Hi, I’ve been developing a text classification system using gpt-3.5-turbo. Since the model update yesterday, I now have completely different results on my test set (the performance is actually worse). How can we ensure reproducibility when using these models, especially in a commercial setting?
Welcome to the forum, Lauren.
Can you post any examples of the prompts with old and new replies to demonstrate the differences?

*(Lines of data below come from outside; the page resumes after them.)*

(* Let $P(X,Y,Z)=X+\frac{1}{X}+Y+\frac{1}{Y}+Z+\frac{1}{Z}-2$ and let $D_P=\{(X,Y,Z)\in(\mathbb{C}^\times)^3 : P(X,Y,Z)=0,\ |X|=|Y|=1,\ |Z|>1\}$. Then \[ D_P=\{(e^{i\phi},e^{i\psi},Z(\phi,\psi)) : \cos\phi+\cos\psi<0\},\quad Z(\phi,\psi)=1-\cos\phi-\cos\psi+\sqrt{(1-\cos\phi-\cos\psi)^2-1}. \] *)

From Stdlib Require Import Reals.
From Coquelicot Require Import Coquelicot.
Open Scope C_scope.

Definition P (X Y Z : C) : C :=
  X + / X + Y + / Y + Z + / Z - RtoC 2.

Definition D_P (X Y Z : C) : Prop :=
  X <> 0 /\ Y <> 0 /\ Z <> 0 /\ P X Y Z = 0 /\
  Cmod X = 1%R /\ Cmod Y = 1%R /\ (Cmod Z > 1)%R.

Definition expi (phi : R) : C := (cos phi, sin phi).

Definition Zfun (phi psi : R) : C :=
  RtoC (1 - cos phi - cos psi + sqrt ((1 - cos phi - cos psi)^2 - 1))%R.

(* On the unit circle X + 1/X = 2 cos phi, so P = 0 says Z + 1/Z = 2a with
   a = 1 - cos phi - cos psi >= -1.  Since Im (Z + 1/Z) = Im Z (1 - 1/|Z|^2),
   the condition |Z| > 1 forces Z to be real; a real u with |u| > 1 and
   u + 1/u = 2a exists only when a > 1, and it is then the larger root
   a + sqrt (a^2 - 1) of u^2 - 2 a u + 1 = 0, i.e. cos phi + cos psi < 0. *)
From Stdlib Require Import Reals Lra Psatz.
From Coquelicot Require Import Coquelicot.

Local Open Scope C_scope.

Lemma Cmod_expi (phi : R) : Cmod (expi phi) = 1%R.
Proof.
  unfold Cmod, expi; cbn [fst snd].
  rewrite <- sqrt_1; f_equal.
  pose proof (sin2_cos2 phi); unfold Rsqr in *; lra.
Qed.

Lemma expi_neq0 (phi : R) : expi phi <> 0.
Proof.
  intros E; pose proof (Cmod_expi phi) as H.
  rewrite E, Cmod_0 in H; lra.
Qed.

Lemma Cmod_eq1_expi (z : C) : Cmod z = 1%R -> exists phi, z = expi phi.
Proof.
  destruct z as [x y]; unfold Cmod; cbn [fst snd]; intros H.
  assert (Hxy : (x^2 + y^2 = 1)%R).
  { rewrite <- (sqrt_sqrt (x^2 + y^2)) by nra; rewrite H; ring. }
  assert (Hb : (-1 <= x <= 1)%R) by (split; nra).
  unfold expi.
  destruct (Rle_lt_dec 0 y) as [Hy | Hy].
  - exists (acos x).
    rewrite cos_acos, sin_acos by exact Hb.
    replace (1 - x²)%R with (y²) by (unfold Rsqr; nra).
    now rewrite sqrt_Rsqr.
  - exists (- acos x)%R.
    rewrite cos_neg, sin_neg, cos_acos, sin_acos by exact Hb.
    replace (1 - x²)%R with ((- y)²) by (unfold Rsqr; nra).
    rewrite sqrt_Rsqr by lra; f_equal; ring.
Qed.

Lemma expi_Cplus_Cinv (phi : R) : expi phi + / expi phi = RtoC (2 * cos phi).
Proof.
  pose proof (sin2_cos2 phi) as H; unfold Rsqr in H.
  unfold expi, Cinv, Cplus, RtoC; cbn [fst snd].
  replace (cos phi ^ 2 + sin phi ^ 2)%R with 1%R by lra.
  f_equal; field.
Qed.

Lemma P_expi (phi psi : R) (Z : C) :
  P (expi phi) (expi psi) Z = Z + / Z - RtoC (2 * (1 - cos phi - cos psi)).
Proof.
  unfold P; rewrite expi_Cplus_Cinv, <- (Cplus_assoc _ (expi psi)), expi_Cplus_Cinv.
  rewrite !RtoC_mult, !RtoC_minus; ring.
Qed.

Lemma Cplus_Cinv_real (z : C) (r : R) :
  Cmod z <> 1%R -> z + / z = RtoC r -> z = RtoC (Re z).
Proof.
  destruct z as [u v]; unfold Cmod, Re, RtoC; cbn [fst snd]; intros Hm E.
  apply (f_equal snd) in E; unfold Cinv, Cplus in E; cbn [fst snd] in E.
  assert (Hm1 : (u^2 + v^2 <> 1)%R) by (intro H; apply Hm; rewrite H; apply sqrt_1).
  destruct (Req_dec (u^2 + v^2) 0) as [H0 | H0]; [f_equal; nra |].
  assert (Hv : (v * (u^2 + v^2 - 1) = 0)%R).
  { replace (v * (u^2 + v^2 - 1))%R with ((u^2 + v^2) * (v + - v / (u^2 + v^2)))%R
      by (field; exact H0).
    rewrite E; ring. }
  apply Rmult_integral in Hv as [-> | Hv]; [reflexivity | lra].
Qed.

Lemma Rplus_Rinv_eq_iff (a u : R) : (-1 <= a)%R ->
  (1 < Rabs u /\ u + / u = 2 * a <-> 1 < a /\ u = a + sqrt (a ^ 2 - 1))%R.
Proof.
  intros Ha; split.
  - intros [Hu E].
    assert (Hu0 : u <> 0%R) by (intros ->; rewrite Rabs_R0 in Hu; lra).
    assert (Hq : (u^2 - 2 * a * u + 1 = 0)%R).
    { rewrite <- E; field; exact Hu0. }
    assert (Hu1 : (1 < u)%R).
    { destruct (Rlt_or_le u 0) as [Hn | Hp]; [| rewrite Rabs_right in Hu; lra].
      (* u < -1 would give u + 1/u < -2 <= 2a *)
      rewrite Rabs_left in Hu by lra; nra. }
    assert (Hsq : (0 < (u - 1) * (u - 1))%R) by (apply Rmult_lt_0_compat; lra).
    split; [nra |].
    assert (Hs : sqrt (a^2 - 1) = (u - a)%R) by (apply sqrt_lem_1; nra).
    rewrite Hs; ring.
  - intros [Ha1 ->].
    assert (Hd : (0 <= a^2 - 1)%R) by nra.
    pose proof (sqrt_sqrt _ Hd); pose proof (sqrt_pos (a^2 - 1)).
    assert (Hinv : (/ (a + sqrt (a^2 - 1)) = a - sqrt (a^2 - 1))%R).
    { apply Rmult_eq_reg_l with (a + sqrt (a^2 - 1))%R; [| lra].
      rewrite Rinv_r by lra; nra. }
    rewrite Rabs_right, Hinv by lra; split; lra.
Qed.

Theorem lemma2p2 : forall X Y Z : C,
  D_P X Y Z <->
  exists phi psi : R,
    (cos phi + cos psi < 0)%R /\
    X = expi phi /\ Y = expi psi /\ Z = Zfun phi psi.
Proof.
  intros X Y Z; unfold D_P; split.
  - intros (_ & _ & _ & HP & HX & HY & HZ).
    destruct (Cmod_eq1_expi X HX) as [phi ->].
    destruct (Cmod_eq1_expi Y HY) as [psi ->].
    set (a := (1 - cos phi - cos psi)%R).
    assert (Ha : (-1 <= a)%R) by (unfold a; pose proof (COS_bound phi); pose proof (COS_bound psi); lra).
    assert (HJ : Z + / Z = RtoC (2 * a)).
    { apply Ceq_minus; rewrite <- HP, P_expi; reflexivity. }
    assert (Zreal : Z = RtoC (Re Z)).
    { apply (Cplus_Cinv_real _ _ (Rgt_not_eq _ _ HZ) HJ). }
    rewrite Zreal, Cmod_R in HZ.
    rewrite Zreal, <- RtoC_inv, <- RtoC_plus in HJ by (intro E; rewrite E, Rabs_R0 in HZ; lra).
    apply RtoC_inj in HJ.
    destruct (proj1 (Rplus_Rinv_eq_iff a (Re Z) Ha) (conj HZ HJ)) as [Ha1 Hu].
    exists phi, psi; repeat split; [unfold a in Ha1; lra |].
    rewrite Zreal, Hu; reflexivity.
  - intros (phi & psi & Hc & -> & -> & ->).
    set (a := (1 - cos phi - cos psi)%R).
    assert (Ha1 : (1 < a)%R) by (unfold a; lra).
    destruct (proj2 (Rplus_Rinv_eq_iff a (a + sqrt (a ^ 2 - 1)) ltac:(lra))
                (conj Ha1 eq_refl)) as [HZ HJ].
    unfold Zfun; fold a.
    repeat split; try apply expi_neq0; try apply Cmod_expi.
    + intro E; apply (f_equal Cmod) in E; rewrite Cmod_R, Cmod_0 in E; lra.
    + rewrite P_expi, <- RtoC_inv, <- RtoC_plus, HJ by (intro E; rewrite E, Rabs_R0 in HZ; lra).
      now apply (proj1 (Ceq_minus _ _)).
    + rewrite Cmod_R; exact HZ.
Qed.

If you can add a note to the examples to explain where the differences for a couple of them, just in case there is an element of subjectivity to them.
To answer your original question
How can we ensure reproducibility when using these models, especially in a commercial setting?
OpenAI has a evals program where you are invited to submit your prompt/response pairs, these can then be used to help ensure model performance when evaluating new updates.
A link to the framework for this can be found here GitHub - openai/evals: Evals is a framework for evaluating LLMs and LLM systems, and an open-source registry of benchmarks.
Unfortunately due to the commercial nature of the data I can’t share here but to give an idea:
Given some text, the prompt is set up to make a binary classification (Y/N label). I evaluate the output as I would with a classic binary classification task.
The classes aren’t balanced and I rely on recall in this instance. Since the update yesterday, my recall has dropped from 80% to 50% on the exact same test set, same prompt.
Can I ask if you are using a system message in your prompting? If so then the newer model will follow that system prompt more rigorously than prior, so it may be worth moving anything from there into the main prompt as a test.